Miguel wants to find total sales of an item for a given month of each year regardless of where the data is stored. E.g. the historical sales data is stored in S3, Recent data is stored in Redshift and current month data is stored in the OLTP Postgres database.

1998 to 2000 data is coming from the S3 Data Lake. 2019 and 2020 data is coming from Redshift.

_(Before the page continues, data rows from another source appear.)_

Lemma dotvZr (c : R) x y : dotv y (c *: x) = c * dotv y x.
Proof. by rewrite dotvC dotvZl dotvC. Qed.

Lemma dotvNl x y : dotv (- x) y = - dotv x y.
Proof. by rewrite -scaleN1r dotvZl mulN1r. Qed.

Lemma dotvNr x y : dotv y (- x) = - dotv y x.
Proof. by rewrite -scaleN1r dotvZr mulN1r. Qed.

Lemma dotvBl x y z : dotv (x - y) z = dotv x z - dotv y z.
Proof. by rewrite dotvDl dotvNl. Qed.

Lemma dotvBr x y z : dotv z (x - y) = dotv z x - dotv z y.
Proof. by rewrite dotvDr dotvNr. Qed.

Lemma dotv_symmx A x y : A^T = A -> dotv x (A *m y) = dotv (A *m x) y.
Proof. by move=> symA; rewrite /dotv mulmxA trmx_mul symA. Qed.

Lemma dotvv_ge0 x : 0 <= dotv x x.
Proof. by rewrite dotvE; apply: sumr_ge0 => i _; rewrite -expr2 sqr_ge0. Qed.

Lemma dotvv_eq0 x : (dotv x x == 0) = (x == 0).
Proof.
apply/idP/eqP => [|->]; last by rewrite dotvE big1 // => i _; rewrite mxE mul0r.
rewrite dotvE psumr_eq0 => [/allP x0|i _]; last by rewrite -expr2 sqr_ge0.
apply/matrixP => i j; rewrite ord1 mxE.
by have := x0 i (mem_index_enum i); rewrite /= -expr2 sqrf_eq0 => /eqP.
Qed.

Lemma normv4 x : normv x ^+ 4 = dotv x x ^+ 2.
Proof. by rewrite /normv (_ : 4 = 2 * 2)%N // exprM sqr_sqrtr // dotvv_ge0. Qed.

Lemma trmx_mul_dotv x y : x^T *m y = (dotv x y)%:M.
Proof. by apply/matrixP => i j; rewrite !ord1 [RHS]mxE eqxx mulr1n. Qed.

(* The paper's [f] is [energy A ystar] and its [g_i] is [energy A (y i)]. *)
Definition energy A (c z : 'cV[R]_n) : R := 2^-1 * dotv (z - c) (A *m (z - c)).

Lemma energy_le_orth A c z w : sym_psd A -> dotv (z - c) (A *m (w - z)) = 0 ->
  energy A c z <= energy A c w.
Proof.
move=> [symA psdA] orth; rewrite /energy ler_wpM2l ?invr_ge0 ?ler0n //.
have -> : w - c = (z - c) + (w - z) by rewrite [RHS]addrC addrA subrK.
move: (z - c) (w - z) orth => x v orth.
rewrite mulmxDr !dotvDl !dotvDr orth (dotv_symmx v) // (dotvC (A *m v)) orth.
by have := psdA v; lra.
Qed.

Lemma energy_line_search A c z v (t : R) : A^T = A -> dotv v (A *m v) != 0 ->
  t = dotv v (A *m (c - z)) / dotv v (A *m v) ->
  energy A c (z + t *: v)
  = energy A c z - 2^-1 * dotv v (A *m (c - z)) ^+ 2 / dotv v (A *m v).
Proof.
move=> symA vAv_neq0 ->; rewrite /energy addrAC -opprB.
move: (c - z) => x; rewrite mulmxDr mulmxN -scalemxAr.
rewrite !dotvDl !dotvDr !dotvNl !dotvNr !dotvZl !dotvZr opprK.
rewrite (dotv_symmx x v) // (dotvC (A *m x) v).
by field.
Qed.

Lemma pinv_mulmxAA A X : A^T = A -> is_MP_pinv A X -> X *m A *m A = A.
Proof.
move=> symA [AXA _ _ XAsym]; rewrite -XAsym trmx_mul symA.
by have := congr1 trmx AXA; rewrite !trmx_mul symA mulmxA.
Qed.

End InnerProduct.

(* The convention [omega_0 = 0] makes the formula for [p_1] an instance of
   the three-term recurrence for [p_(k+1)]. *)
Definition cd_omega0 (R : realType) (n : nat) (A : 'M[R]_n) (gamma : nat -> R)
  (p : nat -> 'cV[R]_n) (k : nat) : R :=
  if k is _.+1 then cd_omega A gamma p k else 0.

Section CDRun.
Variables (R : realType) (n m : nat) (A : 'M[R]_n) (b : 'cV[R]_n).
Variables (gamma : nat -> R) (y r p : nat -> 'cV[R]_n).

Local Notation a := (cd_a A r p).
Local Notation sigma := (cd_sigma A gamma p).
Local Notation omega := (cd_omega A gamma p).
Local Notation omega0 := (cd_omega0 A gamma p).

Hypothesis psdA : sym_psd A.
Let symA : A^T = A := psdA.1.
Hypothesis gamma_neq0 : forall k, gamma k != 0.
Hypothesis run : CD_run A b gamma y r p m.

Let r0E : r 0 = b - A *m y 0 := run.1.
Let p0E : p 0 = r 0 := run.2.1.
Let r_neq0 : forall k, (k <= m)%N -> r k != 0 := run.2.2.1.
Let pAp_neq0 : forall k, (k <= m)%N -> dotv (p k) (A *m p k) != 0 := run.2.2.2.1.
Let yS : forall k, (k <= m)%N -> y k.+1 = y k + a k *: p k := run.2.2.2.2.1.
Let rS : forall k, (k < m)%N -> r k.+1 = r k - a k *: (A *m p k) :=
  run.2.2.2.2.2.1.
Let p1E : (0 < m)%N -> p 1 = gamma 0 *: (A *m p 0) - sigma 0 *: p 0 :=
  run.2.2.2.2.2.2.1.
Let pS : forall k, (1 <= k)%N -> (k < m)%N ->
  p k.+1 = gamma k *: (A *m p k) - sigma k *: p k - omega k *: p k.-1 :=
  run.2.2.2.2.2.2.2.1.
Let yE : A *m y m.+1 = b := run.2.2.2.2.2.2.2.2.

Lemma p_rec k : (k < m)%N ->
  p k.+1 = gamma k *: (A *m p k) - sigma k *: p k - omega0 k *: p k.-1.
Proof. by case: k => [|k] lt_km; [rewrite scale0r subr0 p1E | exact: pS]. Qed.

Lemma Ap_rec k : (k < m)%N ->
  A *m p k = (gamma k)^-1 *: (p k.+1 + sigma k *: p k + omega0 k *: p k.-1).
Proof.
move=> lt_km; rewrite p_rec //; apply/matrixP => i j; rewrite !mxE.
by field; apply: gamma_neq0.
Qed.

(* [sigma_k] and [omega_k] are chosen to make [p_(k+1)] [A]-orthogonal to
   [p_k] and [p_(k-1)]; for [i < k - 1] orthogonality to [p_i] comes for free
   because [A p_i] lies in the span of [p_(i-1)], [p_i], [p_(i+1)]. *)
Lemma p_conjugate_lt j : (j <= m)%N -> forall i, (i < j)%N ->
  dotv (p i) (A *m p j) = 0.
Proof.
elim/ltn_ind: j => -[//|k] IH le_km i; rewrite ltnS => le_ik.
have IHk i' : (i' < k)%N -> dotv (p i') (A *m p k) = 0 by apply: IH => //; lia.
rewrite p_rec // !mulmxBr -!scalemxAr !dotvBr !dotvZr.
move: le_ik; rewrite leq_eqVlt => /predU1P [-> {i}|lt_ik].
  have -> : omega0 k * dotv (p k) (A *m p k.-1) = 0.
    case: k {IH} le_km IHk => [|k] le_km IHk; first by rewrite mul0r.
    by rewrite dotv_symmx // dotvC IHk ?mulr0.
  by rewrite dotv_symmx // /cd_sigma; field; apply: pAp_neq0; exact: ltnW.
rewrite IHk // mulr0 subr0.
move: lt_ik; rewrite leq_eqVlt => /predU1P [ik|lt_i1k].
  case: k {IH} le_km IHk ik => // k le_km IHk [->] /=.
  by rewrite dotv_symmx // /cd_omega /= dotvC; field; apply: pAp_neq0; lia.
rewrite (IH k.-1) ?mulr0 ?subr0; try lia.
rewrite dotv_symmx // Ap_rec; last lia.
by rewrite dotvZl !dotvDl !dotvZl !IHk ?(mulr0, addr0) //; lia.
Qed.

Lemma p_conjugate i j : (i <= m)%N -> (j <= m)%N -> i != j ->
  dotv (p i) (A *m p j) = 0.
Proof.
move=> le_im le_jm; rewrite neq_ltn => /orP [lt_ij|lt_ji].
  exact: p_conjugate_lt.
by rewrite dotv_symmx // dotvC p_conjugate_lt.
Qed.

Lemma r_residual k : (k <= m)%N -> r k = b - A *m y k.
Proof.
elim: k => [//|k IH] lt_km.
rewrite rS // yS ?(ltnW lt_km) // IH ?(ltnW lt_km) // mulmxDr -scalemxAr.
by rewrite opprD addrA.
Qed.

Lemma p_r_orth k : (k <= m)%N -> forall j, (j < k)%N -> dotv (p j) (r k) = 0.
Proof.
elim: k => [//|k IH] lt_km j; rewrite rS // dotvBr dotvZr ltnS leq_eqVlt.
case/predU1P => [-> | lt_jk].
  by rewrite /cd_a dotvC; field; apply: pAp_neq0; exact: ltnW.
by rewrite IH ?(ltnW lt_km) // p_conjugate ?mulr0 ?subr0 //; lia.
Qed.

(* [r_k] lies in the span of [p_0, ..., p_k]. *)
Lemma r_orth k v : (k <= m)%N ->
  (forall j, (j <= k)%N -> dotv (p j) v = 0) -> dotv (r k) v = 0.
Proof.
elim: k => [|k IH] le_km v_orth; first by rewrite -p0E v_orth.
rewrite rS // dotvBl dotvZl IH ?(ltnW le_km) => [||j le_jk] //; last first.
  by apply: v_orth; exact: leqW.
rewrite Ap_rec // !dotvZl !dotvDl !dotvZl !v_orth ?(mulr0, addr0, subr0) //; lia.
Qed.

Lemma dot_p_r0 j k : (j <= k)%N -> (k <= m)%N -> dotv (p k) (r j) = dotv (p k) (r 0).
Proof.
elim: j => [//|j IH] lt_jk le_km.
rewrite rS; last lia.
by rewrite dotvBr dotvZr p_conjugate ?mulr0 ?subr0 ?IH //; lia.
Qed.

While the current year data is coming from postgres ODS.

Execute the following SQL statement

SELECT extract(year from ss_transaction_dt) as year,
       extract(month from ss_transaction_dt) as month,
       count(*) as orders
FROM store_sales_integrated
WHERE extract(month from ss_transaction_dt) = extract(month from current_date)
GROUP BY 1,2
ORDER BY 1,2;

Before you Leave

Run this query in Redshift to reset your demo to the start:

DROP MATERIALIZED VIEW IF EXISTS inventory_mv;
DROP VIEW store_sales_integrated;
DROP SCHEMA spectrum;

Detach and delete the policy you created RedshiftPostgreSQLSecret-lab from the <RedshiftClusterRoleArn>.

You must detach the role or delete it in order to delete the stack from Cloud Formation otherwise it will fail

If you are done using your cluster, please think about deleting the CFN stack or to avoid having to pay for unused resources do these tasks:

  • pause your Redshift Cluster
  • stop the Oracle database
  • stop the DMS task